Hayley bingung, ia masih tidak percaya dengan apa yang Aaron katakan, kenapa laki-laki itu bisa sangat terlihat buas, padahal Hayley tidak merasa melakukan kesalahan apapun, ia mengurungkan niatnya untuk keluar dari mobil ini, dan memilih diam sebagai penonton drama yang terjadi di kursi depan.
"Kamu kenapa sih, Sayang. Biarin aja dia pergi," timpal Kathrine dengan geram, ia tidak menyangka jika Aaron lebih memihak Hayley.
"Bagaimanapun, status kami itu menikah secara sah di mata hukum, Kath. Jadi, tolong jangan mempersulit keadaan." Aaron menepis rangkulan Kathrine di lengannya. "Kau sendiri yang memintaku menikahi wanita lain, tapi kau juga harus tau resikonya, bagaimana reputasiku jika media tau aku mempermainkan pernikahan, tolong jaga rahasia ini dengan baik."
"Oke, oke! terus saja salahkan aku, apa yang aku lakukan ini juga demi dirimu, Aaron. Demi menyelamatkan hubungan kita."
"Salah, bukan demi aku, tapi demi karirmu yang tidak seberapa itu," bentak Aaron keras, membuat Hayley dan Kathrine terperanjat kaget.
Seketika wajah Kathrine berubah pias, ia tidak pernah melihat Aaron semarah ini padanya, meskipun dua kali ia menolak di lamar, Aaron hanya kecewa, ia tidak pernah membentaknya.
"Sayang ... aku, minta maaf," ujar Kathrine memelas.
"Sudahlah, Kath. Kamu istirahat saja, aku butuh waktu sendiri," usir Aaron.

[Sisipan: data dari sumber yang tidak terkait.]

(* Let $m=2^p$ and let $r_1,\dots,r_m\in\{1,\dots,m\}$ (repetitions allowed). Let $A$ be the $m\times m$ matrix whose $i$-th row is the $r_i$-th row of $H(m)$. If $b(r_1-1)\oplus b(r_2-1)\oplus\dots\oplus b(r_m-1)\neq 0$, then $\mathrm{perm}\,A=0$.
   Context: For $m=2^p$, the Sylvester matrix $H(m)$ is defined recursively by $H(1)=[1]$ and $H(2^p)=\begin{bmatrix}H(2^{p-1})&H(2^{p-1})\\ H(2^{p-1})&-H(2^{p-1})\end{bmatrix}$, rows and columns indexed $1,\dots,m$; equivalently $[H(m)]_{i,j}=(-1)^{b(i-1)\odot b(j-1)}$. Here $b(x)$ denotes the $p$-bit binary representation of $x\in\{0,\dots,m-1\}$, $\odot$ is the bitwise dot product, and $\oplus$ is bitwise XOR. $\mathrm{perm}\,A=\sum_{\sigma\in S_m}\prod_{i=1}^m a_{i,\sigma(i)}$. *)

From HB Require Import structures.
From mathcomp Require Import all_boot all_order all_algebra all_fingroup.
Set Implicit Arguments. Unset Strict Implicit. Unset Printing Implicit Defensive.
Import GRing.Theory.
Local Open Scope ring_scope.

Definition bin (p x : nat) : {ffun 'I_p -> bool} :=
  [ffun k : 'I_p => odd (x %/ 2 ^ k)].

Definition bxor (p : nat) (u v : {ffun 'I_p -> bool}) : {ffun 'I_p -> bool} :=
  [ffun k => u k (+) v k].

Definition bzero (p : nat) : {ffun 'I_p -> bool} := [ffun _ => false].

Definition bdot (p : nat) (u v : {ffun 'I_p -> bool}) : bool :=
  \big[addb/false]_(k < p) (u k && v k).

(* Sylvester matrix H(2^p), 0-indexed: entry (i,j) (i,j in 0..m-1) corresponds
   to the paper's entry (i+1, j+1) = (-1)^{b(i) . b(j)}. *)
Definition sylvester (p : nat) : 'M[int]_(2 ^ p) :=
  \matrix_(i, j) ((-1) ^+ bdot (bin p i) (bin p j)).

Definition permanent (R : comNzRingType) (n : nat) (A : 'M[R]_n) : R :=
  \sum_(s : 'S_n) \prod_(i < n) A i (s i).

From HB Require Import structures.
From mathcomp Require Import all_boot all_order all_algebra all_fingroup.
From mathcomp Require Import zify.

Set Implicit Arguments.
Unset Strict Implicit.
Unset Printing Implicit Defensive.

(* Pick a bit position k at which the XOR of the row labels b(r_i) is 1, and
   permute the columns by the involution j |-> j xor 2^k. Since
   b(r).b(j xor 2^k) = b(r).b(j) + b(r)_k, this multiplies row i by
   (-1)^(b(r_i)_k), hence the whole permanent by the product of these signs,
   which is -1. A permanent is invariant under column permutations, so it
   equals its own opposite, and vanishes in the integers. *)

Definition flipbit (k j : nat) : nat :=
  if odd (j %/ 2 ^ k) then j - 2 ^ k else j + 2 ^ k.

Lemma odd_divn_addX (j k i : nat) : ~~ odd (j %/ 2 ^ k) ->
  odd ((j + 2 ^ k) %/ 2 ^ i) = odd (j %/ 2 ^ i) (+) (i == k).
Proof.
move=> jk0; case: (leqP i k) => [le_ik | lt_ki].
  rewrite -(subnK le_ik) expnD divnDMl ?expn_gt0 // oddD oddX orbF.
  by congr (_ (+) _); apply/eqP/eqP; lia.
rewrite gtn_eqF // addbF.
have -> : 2 ^ i = 2 ^ k * 2 * 2 ^ (i - k.+1).
  by rewrite -expnSr -expnD; congr (2 ^ _); lia.
rewrite !divnMA -[X in _ + X](mul1n (2 ^ k)) divnDMl ?expn_gt0 //.
congr (odd (_ %/ _)).
have : (j %/ 2 ^ k) %% 2 = 0 by rewrite modn2; case: odd jk0.
lia.
Qed.

(* The quotient [j %/ 2^k] is even and below the even number [2^(p-k)],
   so it is at most [2^(p-k) - 2]; adding [2^k] raises it by only one. *)
Lemma addX_ltn_expn (p k j : nat) : k < p -> j < 2 ^ p ->
  ~~ odd (j %/ 2 ^ k) -> j + 2 ^ k < 2 ^ p.
Proof.
move=> lt_kp lt_jp jk0; set q := j %/ 2 ^ k in jk0.
have def2p : 2 ^ p = 2 ^ (p - k.+1) * 2 * 2 ^ k.
  by rewrite -expnSr -expnD; congr (2 ^ _); lia.
have lt_q : q < 2 ^ (p - k.+1) * 2 by rewrite ltn_divLR ?expn_gt0 -?def2p.
have le_q2 : q.+2 <= 2 ^ (p - k.+1) * 2.
  have : q %% 2 = 0 by rewrite modn2; case: odd jk0.
  lia.
have := ltn_pmod j (expn_gt0 2 k); rewrite {1}(divn_eq j (2 ^ k)) -/q.
have := leq_mul le_q2 (leqnn (2 ^ k)); rewrite def2p; nia.
Qed.

Lemma expn_leq_odd_divn (j k : nat) : odd (j %/ 2 ^ k) -> 2 ^ k <= j.
Proof.
by move=> jk1; rewrite -divn_gt0 ?expn_gt0 //; move: jk1; case: (j %/ 2 ^ k).
Qed.

Lemma flipbit_bit (k j i : nat) :
  odd (flipbit k j %/ 2 ^ i) = odd (j %/ 2 ^ i) (+) (i == k).
Proof.
rewrite /flipbit; case: ifP => [jk1 | /negbT jk0]; last exact: odd_divn_addX.
have le_kj : 2 ^ k <= j by exact: expn_leq_odd_divn.
have jk0 : ~~ odd ((j - 2 ^ k) %/ 2 ^ k).
  move: jk1; rewrite -{1}(subnK le_kj) -[X in _ + X](mul1n (2 ^ k)).
  by rewrite divnDMl ?expn_gt0 // oddD addbT.
by rewrite -{2}(subnK le_kj) odd_divn_addX // -addbA addbb addbF.
Qed.

Lemma flipbitK (k : nat) : involutive (flipbit k).
Proof.
move=> j; have := flipbit_bit k j k; rewrite eqxx addbT => flip_k.
rewrite {1}/flipbit flip_k /flipbit.
case: (boolP (odd _)) => [jk1 | _] /=; last lia.
have : 2 ^ k <= j by exact: expn_leq_odd_divn.
lia.
Qed.

Lemma flipbit_ltn (p k j : nat) : k < p -> j < 2 ^ p -> flipbit k j < 2 ^ p.
Proof.
move=> lt_kp lt_jp; rewrite /flipbit; case: ifP => [_ | /negbT jk0].
  exact: leq_ltn_trans (leq_subr _ _) lt_jp.
exact: addX_ltn_expn.
Qed.

Local Open Scope ring_scope.
Import GRing.Theory.

Section Permanent.

Variables (R : comNzRingType) (n : nat).

Lemma permanent_col_perm (s : 'S_n) (A : 'M[R]_n) :
  permanent (col_perm s A) = permanent A.
Proof.
rewrite /permanent (reindex_inj (mulIg s^-1%g)) /=.
apply: eq_bigr => t _; apply: eq_bigr => i _.
by rewrite mxE permM permKV.
Qed.

Lemma permanent_scale_rows (c : 'I_n -> R) (A : 'M[R]_n) :
  permanent (\matrix_(i, j) (c i * A i j)) = (\prod_i c i) * permanent A.
Proof.
rewrite /permanent mulr_sumr; apply: eq_bigr => s _.
by rewrite -big_split; apply: eq_bigr => i _; rewrite mxE.
Qed.

End Permanent.

Section BitVectors.

Variable p : nat.
Implicit Types (u v w : {ffun 'I_p -> bool}) (k : 'I_p).

Definition bunit k : {ffun 'I_p -> bool} := [ffun i => i == k].

Lemma bxorE u v k : bxor u v k = u k (+) v k.
Proof. exact: ffunE. Qed.

Lemma bdot_bxorr u v w : bdot u (bxor v w) = bdot u v (+) bdot u w.
Proof.
rewrite /bdot -big_split; apply: eq_bigr => i _.
by rewrite bxorE; case: (u i).
Qed.

Lemma bdot_bunitr u k : bdot u (bunit k) = u k.
Proof.
rewrite /bdot (bigD1 k) //= ffunE eqxx andbT big1 ?addbF // => i /negbTE ik.
by rewrite ffunE ik andbF.
Qed.

Lemma big_bxorE (I : Type) (s : seq I) (P : pred I) F k :
  (\big[@bxor p/bzero p]_(i <- s | P i) F i) k =
  \big[addb/false]_(i <- s | P i) F i k.
Proof. by apply: (big_morph (fun u => u k)) => [u v|]; rewrite ffunE. Qed.

Lemma bitvec_neq0 u : u != bzero p -> exists k, u k.
Proof.
move=> u_neq0; case: (pickP (fun k => u k)) => [k uk | u0]; first by exists k.
by case/eqP: u_neq0; apply/ffunP => k; rewrite ffunE u0.
Qed.

End BitVectors.

Lemma prod_signr_addb (R : pzRingType) (I : Type) (s : seq I) (P : pred I)
    (b : I -> bool) :
  \prod_(i <- s | P i) ((-1) ^+ b i : R) =
  (-1) ^+ \big[addb/false]_(i <- s | P i) b i.
Proof.
by apply/esym/(big_morph (fun c : bool => (-1) ^+ c : R)) => [c d|];
  rewrite ?signr_addb.
Qed.

Section FlipColumns.

Variables (p : nat) (k : 'I_p).

Definition flip_ord (j : 'I_(2 ^ p)) : 'I_(2 ^ p) :=
  Ordinal (flipbit_ltn (ltn_ord k) (ltn_ord j)).

Lemma flip_ordK : involutive flip_ord.
Proof. by move=> j; apply: val_inj; rewrite /= flipbitK. Qed.

Definition flip_perm : 'S_(2 ^ p) := perm (inv_inj flip_ordK).

Lemma bin_flip_perm (j : 'I_(2 ^ p)) :
  bin p (flip_perm j) = bxor (bin p j) (bunit k).
Proof. by apply/ffunP => i; rewrite permE !ffunE /= flipbit_bit. Qed.

Lemma sylvester_flip_perm (i j : 'I_(2 ^ p)) :
  sylvester p i (flip_perm j) = (-1) ^+ bin p i k * sylvester p i j.
Proof.
by rewrite !mxE bin_flip_perm bdot_bxorr bdot_bunitr signr_addb mulrC.
Qed.

End FlipColumns.

Theorem proposition5 (p : nat) (r : 'I_(2 ^ p) -> 'I_(2 ^ p)) :
  \big[@bxor p/bzero p]_(i < 2 ^ p) bin p (r i) != bzero p ->
  permanent (\matrix_(i, j) sylvester p (r i) j) = 0.
Proof.
move=> /bitvec_neq0 [k xor_k].
set A := \matrix_(i, j) _.
have sign_rows : \prod_i ((-1) ^+ bin p (r i) k : int) = -1.
  by rewrite prod_signr_addb -big_bxorE xor_k expr1.
have flip_cols : col_perm (flip_perm k) A
    = \matrix_(i, j) ((-1) ^+ bin p (r i) k * A i j).
  apply/matrixP => i j; rewrite mxE [RHS]mxE /A.
  by rewrite !(mxE _ (fun i j => sylvester p (r i) j)) sylvester_flip_perm.
have : permanent A = - permanent A.
  by rewrite -{1}(permanent_col_perm (flip_perm k)) flip_cols
       permanent_scale_rows sign_rows mulN1r.
lia.
Qed.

"Kamu yakin nggak mau nginep sama aku?" rayu Kathrine sekali lagi.
"Cukup! pergilah, besok aku akan menemuimu," ujar Aaron, paling tidak kalimat ini yang akan membuat Kathrine segera keluar dari mobilnya.
"Baik, aku menunggumu, Sayang." Kathrine mengecup pipi kiri Aaron dengan mesra.
"Dan kau, istri bayaran, jangan sekali-kali menggoda ataupun menyentuh kekasihku. Ingat! kamu cuma bayaran!" ujar Kathrine sambil menoleh ke jok belakang mobil, berbicara pada Hayley dengan penuh penekanan.
__ADS_1
"Aku tau posisiku, jangan mengkhawatirkannya. Aku juga sangat tau diri," jawab Hayley santai, ia seperti sudah sangat pandai menguasai dirinya di hadapan Kathrine.
Mendengar jawaban Hayley yang sangat berani dan sikapnya yang sangat tenang, entah kenapa Kathrine merasa sangat kesal.
"Awas kau!" Kembali Kathrine memperingatkan sebelum ia benar-benar keluar dari mobil dan membanting pintunya dengan kasar.
Aaron tidak ingin memperpanjang masalah dengan ikut campur dalam percakapan singkat Kathrine dan Hayley, namun ia cukup heran karena Hayley bisa sangat santai menghadapi situasi yang merepotkan ini, bahkan ia dengan mudah membuat Kathrine kalah dalam pembicaraan.
Mobil melaju cepat kembali ke rumah Aaron, ia tetap diam dan fokus menatap jalanan, sesekali hanya melirik Hayley dari spion mobil yang ada di atas kepalanya.
Hayley masih tenggelam dalam pikirannya, dia tidak tau harus memulai pembicaraan dari mana ataupun menanyakan kesalahannya sampai membuat Aaron marah.
"Turun!" perintah Aaron datar saat mereka sampai di depan pintu utama rumah.
Aaron berjalan lebih dulu memasuki rumahnya, sedangkan Hayley mengikutinya dari belakang. Mereka tidak saling menyapa sampai keduanya masuk ke dalam kamarnya masing-masing.
🖤🖤🖤
Pukul 4 pagi, Hayley sudah selesai membersihkan diri. Dia sudah terbiasa bangun lebih awal karena ajaran ibunya dari kecil, anak gadis harus bangun pagi dan membantu pekerjaan rumah, begitu nasehat Andini.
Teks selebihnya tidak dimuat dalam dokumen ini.